Instruction for the entries that follow: retype exactly the lines from the line with "rewrite -(cycle_v k)" to the line with "move=> [D_ge0 D_parent].", both included, and omit all others.

Records contained in a dataset:

_ _ _ _ _ _ _

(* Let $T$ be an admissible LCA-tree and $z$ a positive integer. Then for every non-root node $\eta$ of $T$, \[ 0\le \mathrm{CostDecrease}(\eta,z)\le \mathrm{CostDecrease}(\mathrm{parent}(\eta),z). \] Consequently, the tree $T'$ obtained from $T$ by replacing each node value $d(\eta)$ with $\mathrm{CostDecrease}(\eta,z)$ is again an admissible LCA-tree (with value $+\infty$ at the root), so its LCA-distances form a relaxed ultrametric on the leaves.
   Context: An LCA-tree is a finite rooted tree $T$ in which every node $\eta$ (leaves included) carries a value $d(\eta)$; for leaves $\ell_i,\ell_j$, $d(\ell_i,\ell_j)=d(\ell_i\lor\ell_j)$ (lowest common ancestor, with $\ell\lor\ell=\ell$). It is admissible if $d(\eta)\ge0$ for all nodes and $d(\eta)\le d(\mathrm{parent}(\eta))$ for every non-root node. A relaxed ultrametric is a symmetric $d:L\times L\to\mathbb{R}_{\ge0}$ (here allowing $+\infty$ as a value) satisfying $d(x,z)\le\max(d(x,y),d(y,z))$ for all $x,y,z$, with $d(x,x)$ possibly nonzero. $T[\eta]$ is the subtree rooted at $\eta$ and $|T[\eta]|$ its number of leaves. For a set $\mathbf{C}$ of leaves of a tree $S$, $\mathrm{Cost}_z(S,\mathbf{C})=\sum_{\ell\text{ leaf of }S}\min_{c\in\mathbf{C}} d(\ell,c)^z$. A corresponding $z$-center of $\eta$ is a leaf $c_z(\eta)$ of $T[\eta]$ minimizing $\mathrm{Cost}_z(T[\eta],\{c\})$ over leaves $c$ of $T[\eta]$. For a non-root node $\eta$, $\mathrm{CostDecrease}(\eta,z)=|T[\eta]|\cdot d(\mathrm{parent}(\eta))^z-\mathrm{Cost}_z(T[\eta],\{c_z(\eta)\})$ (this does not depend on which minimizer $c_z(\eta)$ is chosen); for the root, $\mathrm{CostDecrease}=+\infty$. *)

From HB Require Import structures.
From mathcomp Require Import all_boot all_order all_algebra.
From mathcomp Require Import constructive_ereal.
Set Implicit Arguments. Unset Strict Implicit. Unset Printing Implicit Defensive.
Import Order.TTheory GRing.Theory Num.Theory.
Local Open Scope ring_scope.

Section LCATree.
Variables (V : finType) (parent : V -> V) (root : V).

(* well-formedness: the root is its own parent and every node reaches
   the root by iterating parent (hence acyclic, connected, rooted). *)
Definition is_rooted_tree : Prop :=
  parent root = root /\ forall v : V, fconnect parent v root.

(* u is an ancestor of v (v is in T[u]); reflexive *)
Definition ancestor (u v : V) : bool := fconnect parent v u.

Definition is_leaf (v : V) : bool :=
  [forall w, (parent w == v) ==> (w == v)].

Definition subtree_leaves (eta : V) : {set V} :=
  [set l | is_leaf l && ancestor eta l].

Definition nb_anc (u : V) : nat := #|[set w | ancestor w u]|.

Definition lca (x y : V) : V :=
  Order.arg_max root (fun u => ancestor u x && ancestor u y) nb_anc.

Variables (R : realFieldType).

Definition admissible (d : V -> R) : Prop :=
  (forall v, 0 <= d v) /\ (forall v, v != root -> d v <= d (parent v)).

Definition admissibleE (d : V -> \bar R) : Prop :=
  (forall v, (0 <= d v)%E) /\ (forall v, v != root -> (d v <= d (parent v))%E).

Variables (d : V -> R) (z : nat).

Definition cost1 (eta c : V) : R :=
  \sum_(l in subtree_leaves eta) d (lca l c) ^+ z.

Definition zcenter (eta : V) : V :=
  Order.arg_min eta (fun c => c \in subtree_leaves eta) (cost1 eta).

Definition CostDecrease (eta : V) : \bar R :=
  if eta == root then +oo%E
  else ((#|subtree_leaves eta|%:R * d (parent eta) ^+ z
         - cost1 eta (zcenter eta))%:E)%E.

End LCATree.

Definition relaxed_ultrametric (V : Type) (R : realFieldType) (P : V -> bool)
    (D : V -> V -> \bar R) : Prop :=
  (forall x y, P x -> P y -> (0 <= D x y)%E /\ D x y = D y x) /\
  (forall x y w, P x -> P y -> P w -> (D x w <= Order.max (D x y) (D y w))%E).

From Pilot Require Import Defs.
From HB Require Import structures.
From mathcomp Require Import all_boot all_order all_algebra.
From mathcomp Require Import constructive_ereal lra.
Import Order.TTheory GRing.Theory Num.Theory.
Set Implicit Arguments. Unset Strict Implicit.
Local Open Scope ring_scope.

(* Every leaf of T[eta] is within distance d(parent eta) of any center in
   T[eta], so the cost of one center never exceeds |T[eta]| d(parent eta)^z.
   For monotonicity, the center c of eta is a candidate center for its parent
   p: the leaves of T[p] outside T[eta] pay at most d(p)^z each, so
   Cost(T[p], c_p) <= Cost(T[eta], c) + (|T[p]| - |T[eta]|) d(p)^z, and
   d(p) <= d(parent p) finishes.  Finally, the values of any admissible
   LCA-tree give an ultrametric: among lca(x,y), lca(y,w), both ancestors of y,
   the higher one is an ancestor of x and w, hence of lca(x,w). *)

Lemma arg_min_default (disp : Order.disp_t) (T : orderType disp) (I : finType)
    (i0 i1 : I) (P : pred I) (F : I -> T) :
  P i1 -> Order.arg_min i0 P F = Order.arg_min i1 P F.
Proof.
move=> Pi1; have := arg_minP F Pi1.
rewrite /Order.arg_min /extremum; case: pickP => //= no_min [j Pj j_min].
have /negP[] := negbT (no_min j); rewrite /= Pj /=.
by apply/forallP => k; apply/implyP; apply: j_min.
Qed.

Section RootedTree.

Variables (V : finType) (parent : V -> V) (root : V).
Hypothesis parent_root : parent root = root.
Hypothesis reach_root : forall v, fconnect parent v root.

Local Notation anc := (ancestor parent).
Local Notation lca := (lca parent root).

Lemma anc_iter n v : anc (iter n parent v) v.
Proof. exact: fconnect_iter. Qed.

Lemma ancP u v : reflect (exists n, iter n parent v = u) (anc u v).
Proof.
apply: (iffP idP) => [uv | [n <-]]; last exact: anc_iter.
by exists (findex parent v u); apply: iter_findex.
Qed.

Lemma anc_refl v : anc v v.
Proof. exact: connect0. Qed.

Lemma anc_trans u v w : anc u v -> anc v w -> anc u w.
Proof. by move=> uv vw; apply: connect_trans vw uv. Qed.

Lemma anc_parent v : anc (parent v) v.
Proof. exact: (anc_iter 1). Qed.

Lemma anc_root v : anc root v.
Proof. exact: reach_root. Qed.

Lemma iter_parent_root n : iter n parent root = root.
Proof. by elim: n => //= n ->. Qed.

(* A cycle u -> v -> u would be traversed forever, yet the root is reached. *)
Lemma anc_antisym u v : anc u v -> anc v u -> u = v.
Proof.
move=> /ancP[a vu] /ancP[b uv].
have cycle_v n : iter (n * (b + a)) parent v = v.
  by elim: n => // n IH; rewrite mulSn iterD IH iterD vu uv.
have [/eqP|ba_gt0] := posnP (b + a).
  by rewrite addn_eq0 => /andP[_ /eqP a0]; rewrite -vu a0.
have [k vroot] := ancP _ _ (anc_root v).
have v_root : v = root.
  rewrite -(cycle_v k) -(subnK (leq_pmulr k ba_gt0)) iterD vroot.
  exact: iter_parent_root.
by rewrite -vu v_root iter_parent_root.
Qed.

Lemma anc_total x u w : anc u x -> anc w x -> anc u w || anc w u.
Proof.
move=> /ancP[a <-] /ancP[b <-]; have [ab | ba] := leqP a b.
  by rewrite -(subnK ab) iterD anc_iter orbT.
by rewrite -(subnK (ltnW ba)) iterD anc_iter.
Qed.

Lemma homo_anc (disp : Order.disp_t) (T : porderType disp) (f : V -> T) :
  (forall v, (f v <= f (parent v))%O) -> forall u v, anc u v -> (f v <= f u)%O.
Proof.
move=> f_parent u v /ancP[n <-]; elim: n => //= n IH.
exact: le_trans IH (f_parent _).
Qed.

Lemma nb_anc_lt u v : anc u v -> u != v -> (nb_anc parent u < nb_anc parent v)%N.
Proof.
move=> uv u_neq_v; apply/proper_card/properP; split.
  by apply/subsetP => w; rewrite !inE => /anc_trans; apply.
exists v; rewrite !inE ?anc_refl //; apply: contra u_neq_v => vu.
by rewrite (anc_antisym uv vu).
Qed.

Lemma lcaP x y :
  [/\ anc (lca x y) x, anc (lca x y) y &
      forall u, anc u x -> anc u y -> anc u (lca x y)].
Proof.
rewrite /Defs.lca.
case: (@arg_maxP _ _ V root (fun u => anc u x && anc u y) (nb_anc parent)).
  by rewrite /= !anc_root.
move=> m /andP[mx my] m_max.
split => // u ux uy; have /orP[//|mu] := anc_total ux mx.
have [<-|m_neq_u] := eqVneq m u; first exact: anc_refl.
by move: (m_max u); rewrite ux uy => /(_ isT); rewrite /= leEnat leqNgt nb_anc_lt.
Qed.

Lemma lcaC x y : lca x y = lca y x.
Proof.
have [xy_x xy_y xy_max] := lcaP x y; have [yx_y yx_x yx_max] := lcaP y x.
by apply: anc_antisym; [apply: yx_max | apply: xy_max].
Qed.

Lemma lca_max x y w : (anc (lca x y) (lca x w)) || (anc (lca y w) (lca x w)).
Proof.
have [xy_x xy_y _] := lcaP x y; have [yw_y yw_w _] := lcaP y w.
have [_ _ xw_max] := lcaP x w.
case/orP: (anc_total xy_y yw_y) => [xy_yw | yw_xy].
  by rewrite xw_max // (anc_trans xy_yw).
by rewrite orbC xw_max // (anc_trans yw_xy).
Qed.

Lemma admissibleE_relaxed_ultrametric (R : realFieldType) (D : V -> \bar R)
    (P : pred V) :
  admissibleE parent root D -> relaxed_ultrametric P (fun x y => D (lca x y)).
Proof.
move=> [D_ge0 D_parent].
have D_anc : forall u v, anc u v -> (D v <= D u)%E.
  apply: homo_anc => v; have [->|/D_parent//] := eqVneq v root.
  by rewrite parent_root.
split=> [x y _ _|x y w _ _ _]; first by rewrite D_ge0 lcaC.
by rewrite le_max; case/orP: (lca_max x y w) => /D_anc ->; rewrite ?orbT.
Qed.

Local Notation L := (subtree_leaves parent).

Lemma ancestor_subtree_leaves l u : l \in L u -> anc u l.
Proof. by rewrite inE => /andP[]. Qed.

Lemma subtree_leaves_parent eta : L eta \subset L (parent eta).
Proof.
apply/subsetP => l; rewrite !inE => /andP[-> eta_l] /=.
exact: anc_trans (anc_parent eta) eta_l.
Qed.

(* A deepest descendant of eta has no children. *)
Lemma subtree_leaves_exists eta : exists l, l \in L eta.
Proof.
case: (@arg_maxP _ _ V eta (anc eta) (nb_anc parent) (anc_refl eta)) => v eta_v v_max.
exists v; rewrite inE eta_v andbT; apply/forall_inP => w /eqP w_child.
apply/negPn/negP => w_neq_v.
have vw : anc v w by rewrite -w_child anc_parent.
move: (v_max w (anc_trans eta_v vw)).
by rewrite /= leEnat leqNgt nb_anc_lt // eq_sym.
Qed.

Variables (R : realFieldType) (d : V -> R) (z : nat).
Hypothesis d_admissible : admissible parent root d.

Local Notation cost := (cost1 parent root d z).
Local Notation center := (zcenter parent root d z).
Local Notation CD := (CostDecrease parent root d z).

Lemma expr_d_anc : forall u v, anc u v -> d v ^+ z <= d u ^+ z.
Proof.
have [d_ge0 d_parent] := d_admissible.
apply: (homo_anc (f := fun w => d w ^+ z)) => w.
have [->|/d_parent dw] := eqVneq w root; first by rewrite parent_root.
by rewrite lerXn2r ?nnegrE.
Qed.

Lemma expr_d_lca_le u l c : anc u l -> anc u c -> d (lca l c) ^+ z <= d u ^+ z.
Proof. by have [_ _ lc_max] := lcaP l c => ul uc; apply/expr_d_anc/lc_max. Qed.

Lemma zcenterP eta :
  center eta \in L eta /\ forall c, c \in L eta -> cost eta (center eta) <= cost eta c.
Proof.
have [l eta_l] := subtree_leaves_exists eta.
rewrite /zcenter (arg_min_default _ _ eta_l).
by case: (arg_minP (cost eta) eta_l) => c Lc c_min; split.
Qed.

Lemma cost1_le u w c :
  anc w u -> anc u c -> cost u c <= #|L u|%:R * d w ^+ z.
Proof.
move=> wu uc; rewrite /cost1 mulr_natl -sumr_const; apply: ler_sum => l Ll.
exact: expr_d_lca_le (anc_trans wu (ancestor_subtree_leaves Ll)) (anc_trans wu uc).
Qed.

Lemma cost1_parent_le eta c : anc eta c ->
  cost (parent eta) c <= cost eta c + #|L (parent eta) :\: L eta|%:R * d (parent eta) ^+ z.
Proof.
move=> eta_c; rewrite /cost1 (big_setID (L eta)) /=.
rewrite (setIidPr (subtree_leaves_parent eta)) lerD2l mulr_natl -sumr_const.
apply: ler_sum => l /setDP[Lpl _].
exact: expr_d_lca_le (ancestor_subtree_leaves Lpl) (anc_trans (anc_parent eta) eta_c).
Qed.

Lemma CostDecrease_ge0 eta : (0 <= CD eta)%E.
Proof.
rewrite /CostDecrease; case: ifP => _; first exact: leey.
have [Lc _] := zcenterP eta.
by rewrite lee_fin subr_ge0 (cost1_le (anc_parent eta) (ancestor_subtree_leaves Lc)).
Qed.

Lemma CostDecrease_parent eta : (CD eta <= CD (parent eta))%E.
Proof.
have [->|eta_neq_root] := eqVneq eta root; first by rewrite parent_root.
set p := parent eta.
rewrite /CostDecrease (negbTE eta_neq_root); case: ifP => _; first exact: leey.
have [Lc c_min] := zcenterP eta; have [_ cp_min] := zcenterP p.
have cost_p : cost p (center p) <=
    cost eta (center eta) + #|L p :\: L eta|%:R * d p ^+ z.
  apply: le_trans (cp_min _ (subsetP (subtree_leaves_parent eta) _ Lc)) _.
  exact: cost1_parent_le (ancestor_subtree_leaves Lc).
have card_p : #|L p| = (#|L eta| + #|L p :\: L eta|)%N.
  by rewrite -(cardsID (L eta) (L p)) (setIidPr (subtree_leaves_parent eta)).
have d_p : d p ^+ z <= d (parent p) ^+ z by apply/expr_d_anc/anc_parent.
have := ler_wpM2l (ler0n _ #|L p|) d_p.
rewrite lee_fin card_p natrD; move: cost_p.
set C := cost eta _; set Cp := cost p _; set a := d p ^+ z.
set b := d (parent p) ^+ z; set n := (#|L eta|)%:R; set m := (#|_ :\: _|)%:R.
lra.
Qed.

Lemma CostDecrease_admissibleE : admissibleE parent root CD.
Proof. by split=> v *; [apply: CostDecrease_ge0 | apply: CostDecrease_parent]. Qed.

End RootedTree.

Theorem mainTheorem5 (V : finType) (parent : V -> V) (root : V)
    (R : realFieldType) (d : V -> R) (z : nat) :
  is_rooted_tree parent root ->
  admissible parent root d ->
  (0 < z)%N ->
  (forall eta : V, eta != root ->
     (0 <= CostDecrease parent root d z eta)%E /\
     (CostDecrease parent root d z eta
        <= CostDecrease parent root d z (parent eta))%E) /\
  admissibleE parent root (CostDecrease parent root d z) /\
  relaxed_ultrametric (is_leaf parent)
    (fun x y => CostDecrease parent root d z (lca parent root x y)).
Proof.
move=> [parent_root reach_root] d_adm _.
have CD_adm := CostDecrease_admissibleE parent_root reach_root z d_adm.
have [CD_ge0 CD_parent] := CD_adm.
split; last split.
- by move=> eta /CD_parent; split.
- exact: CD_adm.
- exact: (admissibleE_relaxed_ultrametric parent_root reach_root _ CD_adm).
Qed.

_ _ _ _ _ _ _

▶ REPLY:
  rewrite -(cycle_v k) -(subnK (leq_pmulr k ba_gt0)) iterD vroot.
  exact: iter_parent_root.
by rewrite -vu v_root iter_parent_root.
Qed.

Lemma anc_total x u w : anc u x -> anc w x -> anc u w || anc w u.
Proof.
move=> /ancP[a <-] /ancP[b <-]; have [ab | ba] := leqP a b.
  by rewrite -(subnK ab) iterD anc_iter orbT.
by rewrite -(subnK (ltnW ba)) iterD anc_iter.
Qed.

Lemma homo_anc (disp : Order.disp_t) (T : porderType disp) (f : V -> T) :
  (forall v, (f v <= f (parent v))%O) -> forall u v, anc u v -> (f v <= f u)%O.
Proof.
move=> f_parent u v /ancP[n <-]; elim: n => //= n IH.
exact: le_trans IH (f_parent _).
Qed.

Lemma nb_anc_lt u v : anc u v -> u != v -> (nb_anc parent u < nb_anc parent v)%N.
Proof.
move=> uv u_neq_v; apply/proper_card/properP; split.
  by apply/subsetP => w; rewrite !inE => /anc_trans; apply.
exists v; rewrite !inE ?anc_refl //; apply: contra u_neq_v => vu.
by rewrite (anc_antisym uv vu).
Qed.

Lemma lcaP x y :
  [/\ anc (lca x y) x, anc (lca x y) y &
      forall u, anc u x -> anc u y -> anc u (lca x y)].
Proof.
rewrite /Defs.lca.
case: (@arg_maxP _ _ V root (fun u => anc u x && anc u y) (nb_anc parent)).
  by rewrite /= !anc_root.
move=> m /andP[mx my] m_max.
split => // u ux uy; have /orP[//|mu] := anc_total ux mx.
have [<-|m_neq_u] := eqVneq m u; first exact: anc_refl.
by move: (m_max u); rewrite ux uy => /(_ isT); rewrite /= leEnat leqNgt nb_anc_lt.
Qed.

Lemma lcaC x y : lca x y = lca y x.
Proof.
have [xy_x xy_y xy_max] := lcaP x y; have [yx_y yx_x yx_max] := lcaP y x.
by apply: anc_antisym; [apply: yx_max | apply: xy_max].
Qed.

Lemma lca_max x y w : (anc (lca x y) (lca x w)) || (anc (lca y w) (lca x w)).
Proof.
have [xy_x xy_y _] := lcaP x y; have [yw_y yw_w _] := lcaP y w.
have [_ _ xw_max] := lcaP x w.
case/orP: (anc_total xy_y yw_y) => [xy_yw | yw_xy].
  by rewrite xw_max // (anc_trans xy_yw).
by rewrite orbC xw_max // (anc_trans yw_xy).
Qed.

Lemma admissibleE_relaxed_ultrametric (R : realFieldType) (D : V -> \bar R)
    (P : pred V) :
  admissibleE parent root D -> relaxed_ultrametric P (fun x y => D (lca x y)).
Proof.
move=> [D_ge0 D_parent].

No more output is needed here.